TASK DETAILS:
Return the records verbatim.

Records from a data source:
(* For any $u\le\beta$, the relative cycles $(C_c)_{c\in J_{u,\beta}}$ form a $\mathbb Z$-basis of $\Lambda_{u,\beta}=H_1(\mathbf S_{u,\beta},\mathbb M;\mathbb Z)$.
   Context: Notation: $n\ge2$, $I=\{1,\dots,n-1\}$, $\pm I=I\sqcup(-I)$; permutations composed as functions, $s_i=(i\ i+1)$, Bruhat order $\le$, Demazure product $*$. Double braid word $\beta=(i_1,\dots,i_m)\in(\pm I)^m$; $s_i^+=s_i,s_i^-=\mathrm{id}$ if $i>0$, $s_i^+=\mathrm{id},s_i^-=s_{-i}$ if $i<0$; $u\le\beta$ means $u\le s^-_{i_m}*\dots*s^-_{i_1}*s^+_{i_1}*\dots*s^+_{i_m}$. $s_i\rhd u=s_iu$ if $s_iu<u$ else $u$; $u\lhd s_i=us_i$ if $us_i<u$ else $u$; identity acts trivially. $u_{(m)}=u$, $u_{(c-1)}=s^-_{i_c}\rhd u_{(c)}\lhd s^+_{i_c}$; $J_{u,\beta}=\{c:u_{(c)}=u_{(c-1)}\}$ (solid), others hollow. Graph $G_{u,\beta}$ in $\mathbb R^3$ ($(i,j,t)$): dots $(i,u_{(c)}(i),c)$; strands time $c-1\to c$: unchanged if $c$ solid; rows $j,j+1$ swapped if $c$ hollow with $i_c=j>0$; columns $i,i+1$ swapped if hollow with $i_c=-i$. Solid $c$ with $i_c=j>0$, dots $(i,j),(i',j+1)$ ($i<i'$): black $p$ on the strand through $(i,j)$, white $q$ on that through $(i',j+1)$ at time $c-\frac12$, bridge $b_c=pq$; solid $c$ with $i_c=-i$, dots $(i,j),(i+1,j')$ ($j<j'$): white $p$ through $(i,j)$, black $q$ through $(i+1,j')$. Start $p$, end $q$. Vertices: bridge endpoints and strand ends at $t=0,m$; edges: bridges and strand pieces. Cyclic orders counterclockwise at white, clockwise at black vertices, in the projection $(i,j,t)\mapsto(t,j)$. $\mathbf S_{u,\beta}$: thickened oriented surface; $\mathbb M$: $n$ marked boundary points from the time-$0$ ends. Relative cycles: monotone curves in $\Gamma(z)=\{(i,z(i))\}$ (strictly increasing coordinates, dot endpoints, no other dots), multicurves ordered componentwise. For $c\in J$, $\gamma^{c,c-1}$ joins the two dots on the strands of $b_c$; from $r$ to $r-1$: hollow $r$: continuous deformation keeping dots on the same side as their strand-mates; solid $r$ with $i_r=j>0$: with $D,D'$ the dots in rows $j,j+1$, delete the part strictly between $D,D'$ of each curve passing weakly above $D$ and weakly below $D'$; solid $r$ with $i_r=-i$: $D,D'$ in columns $i,i+1$, same for curves weakly right of $D$ and weakly left of $D'$. These sweep, with $b_c$, a disk $D_c$ whose boundary consists of edges of $G_{u,\beta}$ and $\gamma^{c,0}$. $C_c=\partial D_c\setminus\gamma^{c,0}$ (a cycle or a union of paths ending at marked points), oriented so $b_c$ runs from start to end, viewed in $\Lambda_{u,\beta}$. *)

From HB Require Import structures.
From mathcomp Require Import all_boot all_order all_fingroup all_algebra.
Set Implicit Arguments.
Unset Strict Implicit.
Unset Printing Implicit Defensive.
Import GRing.Theory Num.Theory.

RESPONSE:
(* For any $u\le\beta$, the relative cycles $(C_c)_{c\in J_{u,\beta}}$ form a $\mathbb Z$-basis of $\Lambda_{u,\beta}=H_1(\mathbf S_{u,\beta},\mathbb M;\mathbb Z)$.
   Context: Notation: $n\ge2$, $I=\{1,\dots,n-1\}$, $\pm I=I\sqcup(-I)$; permutations composed as functions, $s_i=(i\ i+1)$, Bruhat order $\le$, Demazure product $*$. Double braid word $\beta=(i_1,\dots,i_m)\in(\pm I)^m$; $s_i^+=s_i,s_i^-=\mathrm{id}$ if $i>0$, $s_i^+=\mathrm{id},s_i^-=s_{-i}$ if $i<0$; $u\le\beta$ means $u\le s^-_{i_m}*\dots*s^-_{i_1}*s^+_{i_1}*\dots*s^+_{i_m}$. $s_i\rhd u=s_iu$ if $s_iu<u$ else $u$; $u\lhd s_i=us_i$ if $us_i<u$ else $u$; identity acts trivially. $u_{(m)}=u$, $u_{(c-1)}=s^-_{i_c}\rhd u_{(c)}\lhd s^+_{i_c}$; $J_{u,\beta}=\{c:u_{(c)}=u_{(c-1)}\}$ (solid), others hollow. Graph $G_{u,\beta}$ in $\mathbb R^3$ ($(i,j,t)$): dots $(i,u_{(c)}(i),c)$; strands time $c-1\to c$: unchanged if $c$ solid; rows $j,j+1$ swapped if $c$ hollow with $i_c=j>0$; columns $i,i+1$ swapped if hollow with $i_c=-i$. Solid $c$ with $i_c=j>0$, dots $(i,j),(i',j+1)$ ($i<i'$): black $p$ on the strand through $(i,j)$, white $q$ on that through $(i',j+1)$ at time $c-\frac12$, bridge $b_c=pq$; solid $c$ with $i_c=-i$, dots $(i,j),(i+1,j')$ ($j<j'$): white $p$ through $(i,j)$, black $q$ through $(i+1,j')$. Start $p$, end $q$. Vertices: bridge endpoints and strand ends at $t=0,m$; edges: bridges and strand pieces. Cyclic orders counterclockwise at white, clockwise at black vertices, in the projection $(i,j,t)\mapsto(t,j)$. $\mathbf S_{u,\beta}$: thickened oriented surface; $\mathbb M$: $n$ marked boundary points from the time-$0$ ends. Relative cycles: monotone curves in $\Gamma(z)=\{(i,z(i))\}$ (strictly increasing coordinates, dot endpoints, no other dots), multicurves ordered componentwise. For $c\in J$, $\gamma^{c,c-1}$ joins the two dots on the strands of $b_c$; from $r$ to $r-1$: hollow $r$: continuous deformation keeping dots on the same side as their strand-mates; solid $r$ with $i_r=j>0$: with $D,D'$ the dots in rows $j,j+1$, delete the part strictly between $D,D'$ of each curve passing weakly above $D$ and weakly below $D'$; solid $r$ with $i_r=-i$: $D,D'$ in columns $i,i+1$, same for curves weakly right of $D$ and weakly left of $D'$. These sweep, with $b_c$, a disk $D_c$ whose boundary consists of edges of $G_{u,\beta}$ and $\gamma^{c,0}$. $C_c=\partial D_c\setminus\gamma^{c,0}$ (a cycle or a union of paths ending at marked points), oriented so $b_c$ runs from start to end, viewed in $\Lambda_{u,\beta}$. *)

From HB Require Import structures.
From mathcomp Require Import all_boot all_order all_fingroup all_algebra.
Set Implicit Arguments.
Unset Strict Implicit.
Unset Printing Implicit Defensive.
Import GRing.Theory Num.Theory.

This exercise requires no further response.